● **EXERCISE PROMPT**
Take the lines from the beginning of the data below through the line holding "have := congr1" and return exactly those.
[DATASET — start]
Lemma theta_pair_invP {a b} : (a < b)%O ->
  ((theta_pair_inv a b).1 < (theta_pair_inv a b).2)%O /\
  theta_pair (theta_pair_inv a b).1 (theta_pair_inv a b).2 = (a, b).
Proof.
move=> ab; have := f_invF theta_pair_ext_inj (a, b).
rewrite -/(theta_pair_inv a b) /theta_pair_ext.
by case: ifP => [// | p_nlt p_ab]; rewrite p_ab /= ab in p_nlt.
Qed.

Lemma theta_pairK x y : (x < y)%O ->
  theta_pair_inv (theta_pair x y).1 (theta_pair x y).2 = (x, y).
Proof.
move=> xy; rewrite /theta_pair_inv -surjective_pairing.
have <- : theta_pair_ext (x, y) = theta_pair x y by rewrite /theta_pair_ext /= xy.
exact: invF_f.
Qed.

Lemma theta_pair_inv_lt : lt_pairs theta_pair_inv.
Proof. by move=> a b /theta_pair_invP[]. Qed.

Lemma theta_pair_inv_glued : glued_pairs theta_pair_inv.
Proof.
move=> a b c ab bc; have ac := lt_trans ab bc.
set p := theta_pair_inv a b; set q := theta_pair_inv b c; set r := theta_pair_inv a c.
have [p_lt tp_p] := theta_pair_invP ab.
have [q_lt tp_q] := theta_pair_invP bc.
have [r_lt tp_r] := theta_pair_invP ac.
have [_ _ [k1 k1_neq0 phi_p]] := theta_pairP p_lt.
have [_ _ [k2 k2_neq0 phi_q]] := theta_pairP q_lt.
have [_ _ [k3 k3_neq0 phi_r]] := theta_pairP r_lt.
rewrite -/p -/q -/r tp_p /= in phi_p; rewrite -/p -/q -/r tp_q /= in phi_q.
rewrite -/p -/q -/r tp_r /= in phi_r.
have p_in := inI_eI (ltW p_lt); have q_in := inI_eI (ltW q_lt); have r_in := inI_eI (ltW r_lt).
have lie_pq : phi (lieI (E p.1 p.2) (E q.1 q.2)) = phi (fun u v => k1 * k2 / k3 * E r.1 r.2 u v).
  rewrite phi_lie // phi_p phi_q lie_scale lie_eI_comp ?ltW // phiZ // phi_r.
  by apply: funext2 => u v; rewrite mulrA divfK.
apply: lie_eI_glued => //.
have := congr1 (fun h => h r.1 r.2) (phi_inj (inI_lie p_in q_in) (inI_scale _ r_in) lie_pq).
by rewrite eI_id mulr1 => ->; rewrite !mulf_neq0 ?invr_eq0.
Qed.

End LieAutomorphism.

End IncidenceAlgebra.

Section ChainLength.
Context {d : Order.disp_t} {T : finPOrderType d}.

Lemma lng_xx (a : T) : lng a a = 0%N.
Proof.
rewrite /lng; suff : (\max_(S : {set T} | chain_in a a S) #|S| <= 1)%N.
  by case: (\max_(S | _) _) => [|[]].
apply/bigmax_leqP => S /andP[_ /forallP S_in]; rewrite -(cards1 a).
apply/subset_leq_card/subsetP => x xS; move/implyP: (S_in x) => /(_ xS) /andP[ax xa].
by rewrite inE; apply/eqP/le_anti; rewrite ax xa.
Qed.
Lemma Un_cv_close u v l :
  Un_cv u l -> (forall k, Rabs (v k - u k) <= / (INR k + 1)) -> Un_cv v l.
Proof.
  intros Hu Hvu eps He.
  destruct (Hu (eps / 2)) as [K1 HK1]; [lra|].
  destruct (@RinvN_cv (eps / 2) ltac:(lra)) as [K2 HK2].
  exists (Nat.max K1 K2). intros k Hk.
  specialize (HK1 k ltac:(lia)). specialize (HK2 k ltac:(lia)). specialize (Hvu k).
  unfold R_dist, RinvN in *; simpl in HK2.
  rewrite Rminus_0_r, Rabs_right in HK2 by (apply Rle_ge, Rlt_le, RinvN_pos).
  pose proof (Rabs_triang (v k - u k) (u k - l)).
  replace (v k - u k + (u k - l)) with (v k - l) in * by ring. lra.
Qed.

Lemma density_ratio_close (c c' L D N : R) :
  0 < N -> 0 < L -> 0 < D -> 0 <= c <= D -> Rabs (N * c' - L * c) <= N * c ->
  Rabs (c' / (L * D) - c / D * / N) <= / L.
Proof.
  intros HN HL HD Hc Hdiff.
  replace (c' / (L * D) - c / D * / N) with ((N * c' - L * c) * / (N * L * D))
    by (field; lra).
  assert (HNLD : 0 < N * L * D) by (repeat apply Rmult_lt_0_compat; lra).
  rewrite Rabs_mult, (Rabs_right (/ _)) by (apply Rle_ge, Rlt_le, Rinv_0_lt_compat, HNLD).
  apply (Rmult_le_reg_r (N * L * D)); [exact HNLD|].
  rewrite Rmult_assoc, Rinv_l by lra.
  replace (/ L * (N * L * D)) with (N * D) by (field; lra). nra.
Qed.
(* Let $\lambda\in(0,1)$ be fixed and let $\omega\sim\mathcal G(n,p)$ with $p=\lambda/n$. There exists $c=c(\lambda)>0$ such that for every $\rho>0$ there exists $M_0=M_0(\lambda,\rho)$ such that for every $M\geq M_0$ there is $C=C(\lambda,\rho,M)$ with \[\mathbb P\big(|S_M(\omega)|\geq \rho n\big)\leq C e^{-c\rho n}\quad\text{for all } n.\]
   Context: $\mathcal G(n,p)$ is the Erdős–Rényi random graph on vertex set $\{1,\dots,n\}$. For a graph $\omega$ and vertex $x$, $\mathcal C_x$ denotes the connected component (cluster) of $x$, and $S_M(\omega)=\{x:|\mathcal C_x|>M\}$ is the set of vertices in clusters of size larger than $M$. *)

From Stdlib Require Import Reals.
From mathcomp Require Import all_boot.
Set Implicit Arguments. Unset Strict Implicit. Unset Printing Implicit Defensive.

Definition pairs (n : nat) : {set 'I_n * 'I_n} := [set u : 'I_n * 'I_n | (val u.1 < val u.2)%N].

(* A graph omega on vertex set 'I_n is a subset E of [pairs n] (its edge set);
   the sample space of G(n,p) is [powerset (pairs n)]. *)
Definition adj (n : nat) (E : {set 'I_n * 'I_n}) : rel 'I_n :=
  fun x y => ((x, y) \in E) || ((y, x) \in E).

Definition cluster (n : nat) (E : {set 'I_n * 'I_n}) (x : 'I_n) : {set 'I_n} :=
  [set y | connect (adj E) x y].

Definition S_M (n M : nat) (E : {set 'I_n * 'I_n}) : {set 'I_n} :=
  [set x | (M < #|cluster E x|)%N].

Definition ER_weight (n : nat) (p : R) (E : {set 'I_n * 'I_n}) : R :=
  Rmult (pow p #|E|) (pow (Rminus 1 p) (#|pairs n| - #|E|)).

Definition ER_prob (n : nat) (p : R) (A : pred {set 'I_n * 'I_n}) : R :=
  \big[Rplus/R0]_(E in powerset (pairs n) | A E) ER_weight p E.

Definition Rleb (a b : R) : bool := if Rle_dec a b then true else false.

(* Let C(S) be the union of the clusters of the vertices of S in
   G(n,p).  Revealing the edges at a vertex u of S, u contributes one vertex to C(S)
   and is replaced by its (at most Binomial(n,p)) new neighbours; hence if
   z (1 - p + p w)^n <= w then E[z^|C(S)|] <= w^|S|, by induction on the number of
   unexplored vertices.  If |S_M| >= rho n, the set R of least vertices of the large
   clusters satisfies (M+1)|R| <= |S_M| <= |C(R)|, so with z = e^a and
   t = e^(-a(M+1)/2) a union bound over all S gives
   P(|S_M| >= rho n) <= e^(-a rho n/2) (1 + t w)^n <= e^(-a rho n/4) for large M.
   For p = lambda/n one may take w = 1 + (1 - lambda)/2 and z = w (1 - lambda (w - 1)) > 1. *)

From HB Require Import structures.
From Stdlib Require Import Reals Lra.
From mathcomp Require Import all_boot zify.
Set Implicit Arguments.
Unset Strict Implicit.
Local Open Scope R_scope.

Lemma RplusA : associative Rplus. Proof. by move=> *; rewrite Rplus_assoc. Qed.
Lemma RmultA : associative Rmult. Proof. by move=> *; rewrite Rmult_assoc. Qed.
HB.instance Definition _ := Monoid.isComLaw.Build R R0 Rplus RplusA Rplus_comm Rplus_0_l.
HB.instance Definition _ := Monoid.isComLaw.Build R R1 Rmult RmultA Rmult_comm Rmult_1_l.
HB.instance Definition _ := Monoid.isMulLaw.Build R R0 Rmult Rmult_0_l Rmult_0_r.
HB.instance Definition _ := Monoid.isAddLaw.Build R Rmult Rplus Rmult_plus_distr_r Rmult_plus_distr_l.

Lemma sumR_le (I : finType) (P : pred I) (F G : I -> R) :
  (forall i, P i -> F i <= G i) ->
  \big[Rplus/R0]_(i | P i) F i <= \big[Rplus/R0]_(i | P i) G i.
Proof.
move=> FG; apply: (big_ind2 (fun a b => a <= b)) => //; first lra.
by move=> *; apply: Rplus_le_compat.
Qed.

Lemma sumR_ge0 (I : finType) (P : pred I) (F : I -> R) :
  (forall i, P i -> 0 <= F i) -> 0 <= \big[Rplus/R0]_(i | P i) F i.
Proof.
move=> F0; apply: (big_ind (fun a => 0 <= a)) => //; first lra.
by move=> *; apply: Rplus_le_le_0_compat.
Qed.

Lemma sumR_le_cond (I : finType) (P Q : pred I) (F : I -> R) :
  (forall i, P i -> 0 <= F i) ->
  \big[Rplus/R0]_(i | P i && Q i) F i <= \big[Rplus/R0]_(i | P i) F i.
Proof.
move=> F0; rewrite big_mkcondr /=.
by apply: sumR_le => i Pi; case: (Q i); [lra | exact: F0].
Qed.

Lemma sumR_ge_term (I : finType) (P : pred I) (F : I -> R) i :
  P i -> (forall j, P j -> 0 <= F j) -> F i <= \big[Rplus/R0]_(j | P j) F j.
Proof.
move=> Pi F0; rewrite (bigD1 i) //=.
suff : 0 <= \big[Rplus/R0]_(j | P j && (j != i)) F j by lra.
by apply: sumR_ge0 => j /andP [Pj _]; exact: F0.
Qed.

Section Powerset.
Variable T : finType.
Implicit Types A B E F : {set T}.

Lemma setUK_disjoint {A B E F} : [disjoint A & B] -> E \subset A -> F \subset B ->
  (E :|: F) :&: A = E.
Proof.
move=> dAB sEA sFB; rewrite setIUl (setIidPl sEA).
suff -> : F :&: A = set0 by rewrite setU0.
by apply/disjoint_setI0; rewrite disjoint_sym; exact: disjointWr dAB.
Qed.

Lemma big_powersetU (f : {set T} -> R) A B : [disjoint A & B] ->
  \big[Rplus/R0]_(G in powerset (A :|: B)) f G =
  \big[Rplus/R0]_(E in powerset A) \big[Rplus/R0]_(F in powerset B) f (E :|: F).
Proof.
move=> dAB; rewrite pair_big_dep /=.
pose D := [pred q : {set T} * {set T} | (q.1 \in powerset A) && (q.2 \in powerset B)].
have -> : powerset (A :|: B) = [set q.1 :|: q.2 | q in D].
  apply/setP => G; apply/idP/imsetP.
  - rewrite powersetE => sG; exists (G :&: A, G :&: B).
      by rewrite inE /= !powersetE !subsetIr.
    by rewrite /= -setIUr; apply/esym/setIidPl.
  - move=> [[E F]] /andP /= [sE sF] ->.
    by rewrite !powersetE in sE sF *; exact: setUSS.
rewrite big_imset //= => -[E1 F1] [E2 F2] /andP /= [sE1 sF1] /andP /= [sE2 sF2] /= eq12.
rewrite !powersetE in sE1 sF1 sE2 sF2.
have dBA : [disjoint B & A] by rewrite disjoint_sym.
congr pair.
  by rewrite -(setUK_disjoint dAB sE1 sF1) eq12 (setUK_disjoint dAB sE2 sF2).
by rewrite -(setUK_disjoint dBA sF1 sE1) setUC eq12 setUC (setUK_disjoint dBA sF2 sE2).
Qed.

Definition binom_weight (a b : R) A E : R := a ^ #|E| * b ^ (#|A| - #|E|).

Lemma binom_weightU a b A B E F : [disjoint A & B] -> E \subset A -> F \subset B ->
  binom_weight a b (A :|: B) (E :|: F) = binom_weight a b A E * binom_weight a b B F.
Proof.
move=> dAB sEA sFB.
have dEF : [disjoint E & F] by exact: disjointWl sEA (disjointWr sFB dAB).
rewrite /binom_weight !cardsU (disjoint_setI0 dAB) (disjoint_setI0 dEF) !cards0 !subn0.
have := subset_leq_card sEA; have := subset_leq_card sFB => leF leE.
have -> : (#|A| + #|B| - (#|E| + #|F|) = (#|A| - #|E|) + (#|B| - #|F|))%N by lia.
rewrite !pow_add; ring.
Qed.

Lemma sum_binom_weight a b A :
  \big[Rplus/R0]_(E in powerset A) binom_weight a b A E = (a + b) ^ #|A|.
Proof.
move Hk: #|A| => k; elim: k A Hk => [|k IH] A.
  move/eqP; rewrite cards_eq0 => /eqP ->.
  by rewrite powerset0 big_set1 /binom_weight cards0 /=; ring.
have [->|[x xA]] := set_0Vmem A; first by rewrite cards0.
rewrite -(setD1K xA) cardsU1 !inE eqxx /= => -[kA].
have dxA : [disjoint [set x] & A :\ x] by rewrite disjoints1 !inE eqxx.
rewrite big_powersetU //.
under eq_bigr => E sE do under eq_bigr => F sF do
  rewrite binom_weightU // -?powersetE //.
under eq_bigr => E _ do rewrite -big_distrr /= IH ?add0n //.
rewrite -big_distrl /= powerset1 big_setU1 /=; last first.
  by rewrite inE eq_sym; apply/eqP => /setP /(_ x); rewrite !inE eqxx.
by rewrite big_set1 /binom_weight cards1 cards0 /=; ring.
Qed.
[DATASET — finish]
● **EXERCISE ANSWER**
Lemma theta_pair_invP {a b} : (a < b)%O ->
  ((theta_pair_inv a b).1 < (theta_pair_inv a b).2)%O /\
  theta_pair (theta_pair_inv a b).1 (theta_pair_inv a b).2 = (a, b).
Proof.
move=> ab; have := f_invF theta_pair_ext_inj (a, b).
rewrite -/(theta_pair_inv a b) /theta_pair_ext.
by case: ifP => [// | p_nlt p_ab]; rewrite p_ab /= ab in p_nlt.
Qed.

Lemma theta_pairK x y : (x < y)%O ->
  theta_pair_inv (theta_pair x y).1 (theta_pair x y).2 = (x, y).
Proof.
move=> xy; rewrite /theta_pair_inv -surjective_pairing.
have <- : theta_pair_ext (x, y) = theta_pair x y by rewrite /theta_pair_ext /= xy.
exact: invF_f.
Qed.

Lemma theta_pair_inv_lt : lt_pairs theta_pair_inv.
Proof. by move=> a b /theta_pair_invP[]. Qed.

Lemma theta_pair_inv_glued : glued_pairs theta_pair_inv.
Proof.
move=> a b c ab bc; have ac := lt_trans ab bc.
set p := theta_pair_inv a b; set q := theta_pair_inv b c; set r := theta_pair_inv a c.
have [p_lt tp_p] := theta_pair_invP ab.
have [q_lt tp_q] := theta_pair_invP bc.
have [r_lt tp_r] := theta_pair_invP ac.
have [_ _ [k1 k1_neq0 phi_p]] := theta_pairP p_lt.
have [_ _ [k2 k2_neq0 phi_q]] := theta_pairP q_lt.
have [_ _ [k3 k3_neq0 phi_r]] := theta_pairP r_lt.
rewrite -/p -/q -/r tp_p /= in phi_p; rewrite -/p -/q -/r tp_q /= in phi_q.
rewrite -/p -/q -/r tp_r /= in phi_r.
have p_in := inI_eI (ltW p_lt); have q_in := inI_eI (ltW q_lt); have r_in := inI_eI (ltW r_lt).
have lie_pq : phi (lieI (E p.1 p.2) (E q.1 q.2)) = phi (fun u v => k1 * k2 / k3 * E r.1 r.2 u v).
  rewrite phi_lie // phi_p phi_q lie_scale lie_eI_comp ?ltW // phiZ // phi_r.
  by apply: funext2 => u v; rewrite mulrA divfK.
apply: lie_eI_glued => //.
have := congr1 (fun h => h r.1 r.2) (phi_inj (inI_lie p_in q_in) (inI_scale _ r_in) lie_pq).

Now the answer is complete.